Here's Humpty, Dressed in Green
'When I use a word', said Humpty Dumpty to Alice, in Lewis Carroll's classic children's story, Through the Looking Glass, 'it means just what I choose it to mean'. It was, suggested Humpty, really a question of power. He would have loved 'the precautionary principle', which has become the favoured mantra among environmentalists.
The basic idea sounds sensible---if scientists are unsure whether something might damage the environment, authorities should act to prevent harm from occurring. The Humpty Dumptyish aspects stem from the impossibility of agreeing what this means in actual practice, which allows environmentalists to invoke the precautionary principle to justify any anti-development campaign they fancy.
Over the past two decades increasingly expansive versions of the principle have been formulated and introduced into international agreements. The Rio Earth Summit in 1992 adopted the phrasing 'where there are threats of serious or irreversible damage, lack of full scientific certainty shall not be used as a reason for postponing cost-effective measures to prevent environmental degradation'.
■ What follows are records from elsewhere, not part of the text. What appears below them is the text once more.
(* Let $d\in\mathbb{N}_0$, $\boldsymbol{c}=(c_1,\ldots,c_d)\in(\mathbb{N}\setminus\{2\})^d$ with $c_1\ge3$ (if $d\ge1$), and $\boldsymbol{z}=(z_0,\ldots,z_d)\in\mathbb{C}^{d+1}$ with $|z_j|<1$. Then $\lim_{n\to\infty}G_n(\boldsymbol{c};\boldsymbol{z})=G(\boldsymbol{c};\boldsymbol{z})$, and the convergence is uniform on every closed region $|z_0|\le u_0<1,\ldots,|z_d|\le u_d<1$.
   Context: $t^{\star}_n(\boldsymbol{s})=\sum_{n\geq k_1\geq\cdots\geq k_r\geq1}\prod_{j}(2k_j-1)^{-s_j}$ and $t^{\star}(\boldsymbol{s})=\sum_{k_1\geq\cdots\geq k_r\geq1}\prod_{j}(2k_j-1)^{-s_j}$ (for $s_1>1$), both equal to $1$ on the empty index. $\{2\}^a$ is $2$ repeated $a$ times. $G_n(\boldsymbol{c};\boldsymbol{z})=\sum_{a_0,\ldots,a_d\geq0}t^{\star}_n(\{2\}^{a_0},c_1,\ldots,c_d,\{2\}^{a_d})z_0^{2a_0}\cdots z_d^{2a_d}$ and $G(\boldsymbol{c};\boldsymbol{z})$ is the same with $t^\star$ in place of $t^\star_n$. *)

From HB Require Import structures.
From mathcomp Require Import all_boot all_order all_algebra.
From mathcomp Require Import complex.
From mathcomp Require Import all_classical all_reals all_analysis.
Set Implicit Arguments. Unset Strict Implicit. Unset Printing Implicit Defensive.
Import Order.TTheory GRing.Theory Num.Theory.
Import numFieldNormedType.Exports.
Local Open Scope ring_scope.
Local Open Scope complex_scope.
Local Open Scope classical_set_scope.

Notation Cx R := (R[i])^o.

(* t*_n(s) = sum_{n >= k_1 >= ... >= k_r >= 1} prod_j (2 k_j - 1)^(-s_j),
   written recursively on the index s:
   t*_n(s_1 :: s') = sum_{k_1 = 1}^{n} (2 k_1 - 1)^(-s_1) t*_{k_1}(s'),
   and t*_n(empty) = 1. *)
Fixpoint tstarn (F : numFieldType) (n : nat) (s : seq nat) : F :=
  match s with
  | [::] => 1
  | s1 :: s' =>
      \sum_(1 <= k < n.+1) ((2 * k - 1)%:R ^- s1) * tstarn F k s'
  end.

Definition tstar (R : realType) (s : seq nat) : Cx R :=
  lim ((tstarn R[i] n s : Cx R) @[n --> \oo]).

(* The index ({2}^{a_0}, c_1, {2}^{a_1}, ..., c_d, {2}^{a_d});
   c_{j+1} is  c j  for j : 'I_d, a_j is  a j  for j : 'I_d.+1. *)
Definition Gindex (d : nat) (c : 'I_d -> nat) (a : 'I_d.+1 -> nat) : seq nat :=
  nseq (a ord0) 2%N ++
  flatten [seq c j :: nseq (a (lift ord0 j)) 2%N | j <- enum 'I_d].

Definition zmono (R : realType) (d : nat) (z : 'I_d.+1 -> Cx R)
  (a : 'I_d.+1 -> nat) : Cx R :=
  \prod_(j < d.+1) z j ^+ (2 * a j).

(* Sum over a_0,...,a_d >= 0 of the (d+1)-fold series, defined as the limit of
   the partial sums over the boxes 0 <= a_j < N. *)
Definition Gn (R : realType) (n d : nat) (c : 'I_d -> nat) (z : 'I_d.+1 -> Cx R)
  : Cx R :=
  lim ((\sum_(a : {ffun 'I_d.+1 -> 'I_N})
          (tstarn R[i] n (Gindex c (fun j => nat_of_ord (a j))) : Cx R)
          * zmono z (fun j => nat_of_ord (a j))) @[N --> \oo]).

Definition G (R : realType) (d : nat) (c : 'I_d -> nat) (z : 'I_d.+1 -> Cx R)
  : Cx R :=
  lim ((\sum_(a : {ffun 'I_d.+1 -> 'I_N})
          tstar R (Gindex c (fun j => nat_of_ord (a j)))
          * zmono z (fun j => nat_of_ord (a j))) @[N --> \oo]).

(* Write g_n = 2 - 1/(2n).  Since sum_{k<=n} g_k/(2k-1)^2 <= g_n, a block {2}^a
   multiplies t*_n by at most 2; a letter c >= 1 preserves a bound of the form
   t*_k <= B k because k/(2k-1) <= 1; and the leading letter c_1 >= 3 turns such a
   bound into the constant 2B because sum 1/(2k-1)^2 <= 2.  Hence t*_n(index) <=
   2^(d+2) uniformly in n and a_0..a_d, so t*_n increases to t*, and every term of
   G_n and of G is dominated by 2^(d+2) prod_j |z_j|^(2 a_j).  Tannery's argument
   finishes: cut the series at a box [0,N)^(d+1) whose tail is small uniformly on
   |z_j| <= u_j < 1, then let n -> oo in the finitely many remaining terms. *)

Set Implicit Arguments.
Unset Strict Implicit.
Unset Printing Implicit Defensive.
From HB Require Import structures.
From mathcomp Require Import all_boot all_order all_algebra.
From mathcomp Require Import complex.
From mathcomp Require Import all_classical all_reals all_analysis.
From mathcomp Require Import lra zify ring.
Import Order.TTheory GRing.Theory Num.Theory.
Import numFieldNormedType.Exports.
Local Open Scope ring_scope.
Local Open Scope complex_scope.
Local Open Scope classical_set_scope.

Lemma tstarn_ge0 (F : numFieldType) n s : 0 <= tstarn F n s.
Proof.
elim: s n => [|s1 s IH] n /=; first exact: ler01.
by apply: sumr_ge0 => k _; apply: mulr_ge0.
Qed.

Lemma tstarn_nondecreasing (F : numFieldType) s : {homo tstarn F ^~ s : n m / (n <= m)%N >-> n <= m}.
Proof.
case: s => [|s1 s] n m nm //=.
rewrite [X in _ <= X](big_cat_nat _ (n := n.+1)) //= lerDl.
by apply: sumr_ge0 => k _; apply: mulr_ge0; last exact: tstarn_ge0.
Qed.

Lemma tstarn_complex (R : rcfType) n s : tstarn R[i] n s = (tstarn R n s)%:C.
Proof.
elim: s n => [|s1 s IH] n /=; first by rewrite rmorph1.
rewrite rmorph_sum; apply: eq_bigr => k _.
by rewrite rmorphM IH fmorphV rmorphXn rmorph_nat.
Qed.

Section tstarn_bound.
Variable R : realFieldType.

Definition inv_odd (k : nat) : R := (2 * k - 1)%:R^-1.

Lemma tstarn_cons n c s :
  tstarn R n (c :: s) = \sum_(1 <= k < n.+1) inv_odd k ^+ c * tstarn R k s.
Proof. by apply: eq_bigr => k _; rewrite /inv_odd exprVn. Qed.

Lemma inv_odd_ge0 k : 0 <= inv_odd k.
Proof. by rewrite invr_ge0. Qed.

Lemma inv_odd_le1 k : inv_odd k <= 1.
Proof.
rewrite /inv_odd; case: (posnP (2 * k - 1)) => [-> | k_gt0].
  by rewrite invr0.
by rewrite invf_le1 ?ltr0n // ler1n.
Qed.

Lemma inv_odd_mul_le1 k : inv_odd k * k%:R <= 1.
Proof.
rewrite /inv_odd; case: (posnP k) => [-> | k_gt0]; first by rewrite mulr0.
by rewrite mulrC ler_pdivrMr ?ltr0n ?mul1r ?ler_nat; lia.
Qed.

Definition nseq2_bound (n : nat) : R := 2 - (2 * n)%:R^-1.

Lemma nseq2_bound_ge1 n : (1 <= n)%N -> 1 <= nseq2_bound n.
Proof.
move=> n_gt0; have : (2 * n)%:R^-1 <= 1 :> R by rewrite invf_le1 ?ltr0n ?ler1n; lia.
rewrite /nseq2_bound; lra.
Qed.

Lemma nseq2_bound_ge0 n : 0 <= nseq2_bound n.
Proof.
case: n => [|n]; first by rewrite /nseq2_bound muln0 invr0 subr0.
exact: le_trans ler01 (@nseq2_bound_ge1 n.+1 isT).
Qed.

Lemma nseq2_bound_le2 n : nseq2_bound n <= 2.
Proof. by rewrite /nseq2_bound lerBlDr lerDl invr_ge0. Qed.

Lemma nseq2_bound_step n : (1 <= n)%N ->
  nseq2_bound n + inv_odd n.+1 ^+ 2 * 2 <= nseq2_bound n.+1.
Proof.
move=> n_gt0; rewrite /nseq2_bound /inv_odd.
have -> : (2 * n.+1 - 1 = 2 * n + 1)%N by lia.
have -> : (2 * n.+1 = 2 * n + 2)%N by lia.
rewrite !(natrM, natrD).
set r : R := n%:R.
have : 1 <= r by rewrite ler1n.
clearbody r => r_ge1; rewrite -subr_ge0.
have -> : 2 - (2 * r + 2)^-1 - (2 - (2 * r)^-1 + (2 * r + 1)^-1 ^+ 2 * 2)
    = 2 / (2 * r * (2 * r + 2) * (2 * r + 1) ^+ 2).
  by field; apply/and3P; split; apply: lt0r_neq0; lra.
by apply: divr_ge0 => //; apply: mulr_ge0; [apply: mulr_ge0; lra | exact: sqr_ge0].
Qed.

Lemma sum_inv_odd_sqr_le n : (1 <= n)%N ->
  \sum_(1 <= k < n.+1) inv_odd k ^+ 2 * nseq2_bound k <= nseq2_bound n.
Proof.
elim: n => [//|[|n] IH] _.
  by rewrite big_nat1 /inv_odd invr1 expr1n mul1r.
rewrite big_nat_recr //=; apply: le_trans (@nseq2_bound_step n.+1 _) => //.
apply: lerD; first exact: IH.
by apply: ler_wpM2l; [apply: exprn_ge0; exact: inv_odd_ge0 | exact: nseq2_bound_le2].
Qed.

Lemma sum_inv_odd_sqr_le2 n : \sum_(1 <= k < n.+1) inv_odd k ^+ 2 <= 2.
Proof.
case: n => [|n]; first by rewrite big_geq.
apply: le_trans (nseq2_bound_le2 n.+1); apply: le_trans (@sum_inv_odd_sqr_le n.+1 _) => //.
apply: ler_sum_nat => k /andP[k_gt0 _].
by apply: ler_peMr; [apply: exprn_ge0; exact: inv_odd_ge0 | exact: nseq2_bound_ge1].
Qed.

Lemma tstarn_nseq2_le n a s : (1 <= n)%N ->
  tstarn R n (nseq a 2%N ++ s) <= nseq2_bound n * tstarn R n s.
Proof.
elim: a n => [|a IH] n n_gt0.
  by apply: ler_peMl; [exact: tstarn_ge0 | exact: nseq2_bound_ge1].
rewrite (tstarn_cons n 2 (nseq a 2%N ++ s)); apply: (@le_trans _ _
  (\sum_(1 <= k < n.+1) (inv_odd k ^+ 2 * nseq2_bound k) * tstarn R n s)).
  apply: ler_sum_nat => k /andP[k_gt0 k_le_n]; rewrite -mulrA.
  apply: ler_wpM2l; first by apply: exprn_ge0; exact: inv_odd_ge0.
  apply: le_trans (IH k k_gt0) _; apply: ler_wpM2l; first exact: nseq2_bound_ge0.
  exact: tstarn_nondecreasing.
rewrite -mulr_suml; apply: ler_wpM2r; first exact: tstarn_ge0.
exact: sum_inv_odd_sqr_le.
Qed.

Lemma tstarn_nseq2_le2 n a s : tstarn R n (nseq a 2%N ++ s) <= 2 * tstarn R n s.
Proof.
case: n => [|n]; last first.
  apply: le_trans (@tstarn_nseq2_le n.+1 a s isT) _.
  by apply: ler_wpM2r; [exact: tstarn_ge0 | exact: nseq2_bound_le2].
case: a => [|a] /=; last by rewrite big_geq // mulr_ge0 ?tstarn_ge0.
by rewrite ler_peMl ?tstarn_ge0 ?ler1n.
Qed.

Lemma tstarn_cons_le c s B : (0 < c)%N ->
  (forall i, (1 <= i)%N -> tstarn R i s <= B * i%:R) ->
  forall n, tstarn R n (c :: s) <= B * n%:R.
Proof.
move=> c_gt0 hs n; rewrite tstarn_cons.
apply: le_trans (_ : \sum_(1 <= i < n.+1) B <= _); last first.
  by rewrite sumr_const_nat subn1 mulr_natr.
apply: ler_sum_nat => i /andP[i_gt0 _].
have x_ge0 := inv_odd_ge0 i.
have B_ge0 : 0 <= B.
  by have := hs 1%N isT; rewrite mulr1; apply: le_trans; exact: tstarn_ge0.
apply: le_trans (_ : inv_odd i * (B * i%:R) <= _).
  apply: ler_pM; [exact: exprn_ge0 | exact: tstarn_ge0 | | exact: hs].
  by rewrite -[leRHS]expr1; apply: ler_wiXn2l => //; exact: inv_odd_le1.
by rewrite mulrCA ler_piMr // inv_odd_mul_le1.
Qed.

Lemma tstarn_cons_ge3_le c s B : (3 <= c)%N ->
  (forall i, (1 <= i)%N -> tstarn R i s <= B * i%:R) ->
  forall n, tstarn R n (c :: s) <= 2 * B.
Proof.
move=> c_ge3 hs n; rewrite tstarn_cons.
have B_ge0 : 0 <= B.
  by have := hs 1%N isT; rewrite mulr1; apply: le_trans; exact: tstarn_ge0.
apply: le_trans (_ : \sum_(1 <= i < n.+1) inv_odd i ^+ 2 * B <= _); last first.
  by rewrite -mulr_suml ler_wpM2r // sum_inv_odd_sqr_le2.
apply: ler_sum_nat => i /andP[i_gt0 _].
have x_ge0 := inv_odd_ge0 i.
apply: le_trans (_ : inv_odd i ^+ 2 * inv_odd i * (B * i%:R) <= _).
  apply: ler_pM; [exact: exprn_ge0 | exact: tstarn_ge0 | | exact: hs].
  by rewrite -exprSr; apply: ler_wiXn2l => //; exact: inv_odd_le1.
rewrite -mulrA ler_wpM2l ?exprn_ge0 //.
by rewrite mulrCA ler_piMr // inv_odd_mul_le1.
Qed.

End tstarn_bound.

Definition blocks (cs : seq (nat * nat)) : seq nat :=
  flatten [seq p.1 :: nseq p.2 2%N | p <- cs].

Lemma blocks_cons p cs : blocks (p :: cs) = p.1 :: nseq p.2 2%N ++ blocks cs.
Proof. by []. Qed.

Lemma Gindex_blocks d (c : 'I_d -> nat) a : Gindex c a =
  nseq (a ord0) 2%N ++ blocks [seq (c j, a (lift ord0 j)) | j <- enum 'I_d].
Proof. by rewrite /Gindex /blocks -map_comp. Qed.

Lemma tstarn_nseq2_blocks_le (R : realFieldType) a cs :
  all (fun p => 0 < p.1)%N cs -> forall k, (1 <= k)%N ->
  tstarn R k (nseq a 2%N ++ blocks cs) <= 2 ^+ (size cs).+1 * k%:R.
Proof.
elim: cs a => [|[c0 a0] cs IH] a /=.
  move=> _ k k_gt0; apply: le_trans (tstarn_nseq2_le2 _ _ _ _) _.
  by rewrite mulr1 expr1 ler_peMr ?ler1n.
move=> /andP[c0_gt0 cs_pos] k k_gt0.
apply: le_trans (tstarn_nseq2_le2 _ _ _ _) _.
rewrite exprS -mulrA ler_pM2l //.
exact: tstarn_cons_le c0_gt0 (IH _ cs_pos) k.
Qed.

Lemma tstarn_Gindex_le (R : realFieldType) d (c : 'I_d -> nat)
    (hc : forall j, (0 < c j)%N) (hc0 : forall j : 'I_d, j = 0%N :> nat -> (3 <= c j)%N)
    n a :
  tstarn R n (Gindex c a) <= 2 ^+ d.+2.
Proof.
rewrite Gindex_blocks; apply: le_trans (tstarn_nseq2_le2 _ _ _ _) _.
case: d c hc hc0 a => [|d] c hc hc0 a.
  by rewrite enum_ord0 /= expr2; lra.
rewrite enum_ordSl map_cons -map_comp.
set cs := map _ _.
rewrite blocks_cons.
have cs_pos : all (fun p => 0 < p.1)%N cs by apply/allP => p /mapP[j _ ->]; exact: hc.
have size_cs : size cs = d by rewrite size_map size_enum_ord.
have rest_le a' := @tstarn_nseq2_blocks_le R a' _ cs_pos; rewrite size_cs in rest_le.
rewrite [X in _ <= X]exprS ler_pM2l // exprS.
exact: tstarn_cons_ge3_le (hc0 ord0 erefl) (rest_le _) n.
Qed.

Section complex_limits.
Variable R : realType.
Implicit Types (x : R) (z : R[i]).

Lemma normc_real_complex x : `|x%:C| = `|x|%:C.
Proof. by rewrite normc_def /= expr0n /= addr0 sqrtr_sqr. Qed.

Lemma gt0_real_complex z : 0 < z -> z = (complex.Re z)%:C /\ 0 < complex.Re z.
Proof. by case: z => x y; rewrite ltcE /= => /andP[/eqP -> x_gt0]. Qed.

Lemma normc_ge_Im z : `|complex.Im z|%:C <= `|z|.
Proof.
rewrite normc_def lecR -sqrtr_sqr ler_sqrt ?addr_ge0 ?sqr_ge0 //.
by rewrite lerDr sqr_ge0.
Qed.

Lemma normc_le_ReIm z : `|z| <= (`|complex.Re z| + `|complex.Im z|)%:C.
Proof.
rewrite normc_def lecR -[leRHS]ger0_norm ?addr_ge0 // -sqrtr_sqr.
rewrite ler_sqrt ?sqr_ge0 // sqrrD !real_normK ?num_real // lerD2r lerDl.
by rewrite mulrn_wge0 // mulr_ge0.
Qed.

Lemma cvg_real_complex (v : R ^nat) (l : R) :
  v n @[n --> \oo] --> l -> ((v n)%:C : Cx R) @[n --> \oo] --> (l%:C : Cx R).
Proof.
move=> /cvgrPdist_lt v_cvg; apply/cvgrPdist_lt => e /gt0_real_complex[-> e_gt0].
by apply: filterS (v_cvg _ e_gt0) => n; rewrite -rmorphB normc_real_complex ltcR.
Qed.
But the 'cost-effective' qualification upsets the greens, who believe that their ideas of what is good for the environment must be given first priority, irrespective of the costs or consequences. So Greenpeace documents usually omit this qualification, even when they supposedly quote the Rio agreement.
And the most recent international recourse to the precautionary principle, the Biosafety Protocol concluded in Montreal last month by over 130 countries, says nothing about cost-effectiveness. Environmentalists were delighted, hailing the document as providing the strongest formulation of the principle to date.
Many people may think that if environmentalists are happy, we should all rejoice. If the precautionary principle helps to save the planet, surely there can be nothing to complain about.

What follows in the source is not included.